Increased intima media thickness (IMT) assessed by ultrasound is a marker for atherosclerosis and is demonstrated to be associated with future cardiovascular events. Endothelial dysfunction is an impairment of the arteries to dilate and contract properly to adjust blood pressure and is a sign of atherosclerotic changes in vessels. It is most often measured on the brachial artery on the inside of the upper arm or on the carotid artery on the side of the neck.

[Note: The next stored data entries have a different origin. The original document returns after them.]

Lemma big_window_delta (B : zmodType) (N : nat) (i : int) (c : B) :
  (absz i <= N)%N ->
  \sum_(k < (N + N).+1) (if k%:Z - N%:Z == i then c else 0) = c.
Proof.
move=> iN; have iN_lt : (absz (i + N%:Z)%R < (N + N).+1)%N by lia.
rewrite (bigD1 (inord (absz (i + N%:Z)%R))) //= inordK //.
have -> : (absz (i + N%:Z)%R)%:Z - N%:Z == i by apply/eqP; lia.
rewrite big1 ?addr0 // => k /negP k_neq; case: eqP => // ki.
by case: k_neq; apply/eqP/val_inj; rewrite /= inordK //; lia.
Qed.

Lemma big_window_partition (B : zmodType) (N : nat) (s : seq (int * B)) :
    (forall y, y \in s -> (absz y.1 <= N)%N) ->
  \sum_(k < (N + N).+1) \sum_(y <- s | y.1 == k%:Z - N%:Z) y.2 = \sum_(y <- s) y.2.
Proof.
move=> sN; under eq_bigr => k _ do rewrite big_mkcond /=.
rewrite exchange_big /=; apply: eq_big_seq => y /sN yN.
by rewrite -[RHS](big_window_delta y.2 yN); apply: eq_bigr => k _; rewrite eq_sym.
Qed.

Section NonUnitalRing.
Variable B : nuRing.

Lemma nr_mul0r (x : B) : nr_mul 0 x = 0.
Proof. by apply: (addrI (nr_mul 0 x)); rewrite addr0 -nr_mulDl addr0. Qed.

Lemma nr_mulr0 (x : B) : nr_mul x 0 = 0.
Proof. by apply: (addrI (nr_mul x 0)); rewrite addr0 -nr_mulDr addr0. Qed.

Lemma nr_mulNr (x y : B) : nr_mul (- x) y = - nr_mul x y.
Proof. by apply/eqP; rewrite -addr_eq0 -nr_mulDl addNr nr_mul0r. Qed.

Lemma nr_mulrN (x y : B) : nr_mul x (- y) = - nr_mul x y.
Proof. by apply/eqP; rewrite -addr_eq0 -nr_mulDr addNr nr_mulr0. Qed.

Lemma is_addsubgroup_mulr_preim (W : B -> Prop) (g : B) :
  is_addsubgroup W -> is_addsubgroup (fun x => W (nr_mul x g)).
Proof.
move=> [W0 WD WN]; split; first by rewrite nr_mul0r.
  by move=> x y Wx Wy; rewrite nr_mulDl; exact: WD.
by move=> x Wx; rewrite nr_mulNr; exact: WN.
Qed.

Lemma prodset_mul (X Y : B -> Prop) (x y : B) : X x -> Y y -> prodset X Y (nr_mul x y).
Proof. by move=> Xx Yy; apply: ag_in; exists x, y. Qed.

End NonUnitalRing.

A 2014 meta-analysis concluded that the presence of periodontitis is associated with an increased IMT and a decreased flow-mediated dilation (a measure of endothelial dysfunction), with both differences being clinically significant. Importantly, the authors also concluded that periodontal treatment leads to improvement in endothelial function. Later, it was demonstrated that periodontal therapy can lead to decreased IMT of the carotid artery.

Rheumatoid Arthritis

Rheumatoid arthritis (RA) is an autoimmune, systemic inflammatory chronic disorder that leads to pain and deformity of the joints. Inflammatory mediators, such as TNF-α, and levels of P gingivalis are known to aggravate or partially cause the disease. The presence of periodontitis is also shown to hamper RA treatment with TNF-α blockers.

The periodontal bacterium P gingivalis is unique among the oral flora because it possesses an enzyme needed for protein citrullination, a major hallmark of RA. Therefore, it would follow logically that reduction of the P gingivalis level and inflammation levels via periodontal treatment should decrease the severity of RA.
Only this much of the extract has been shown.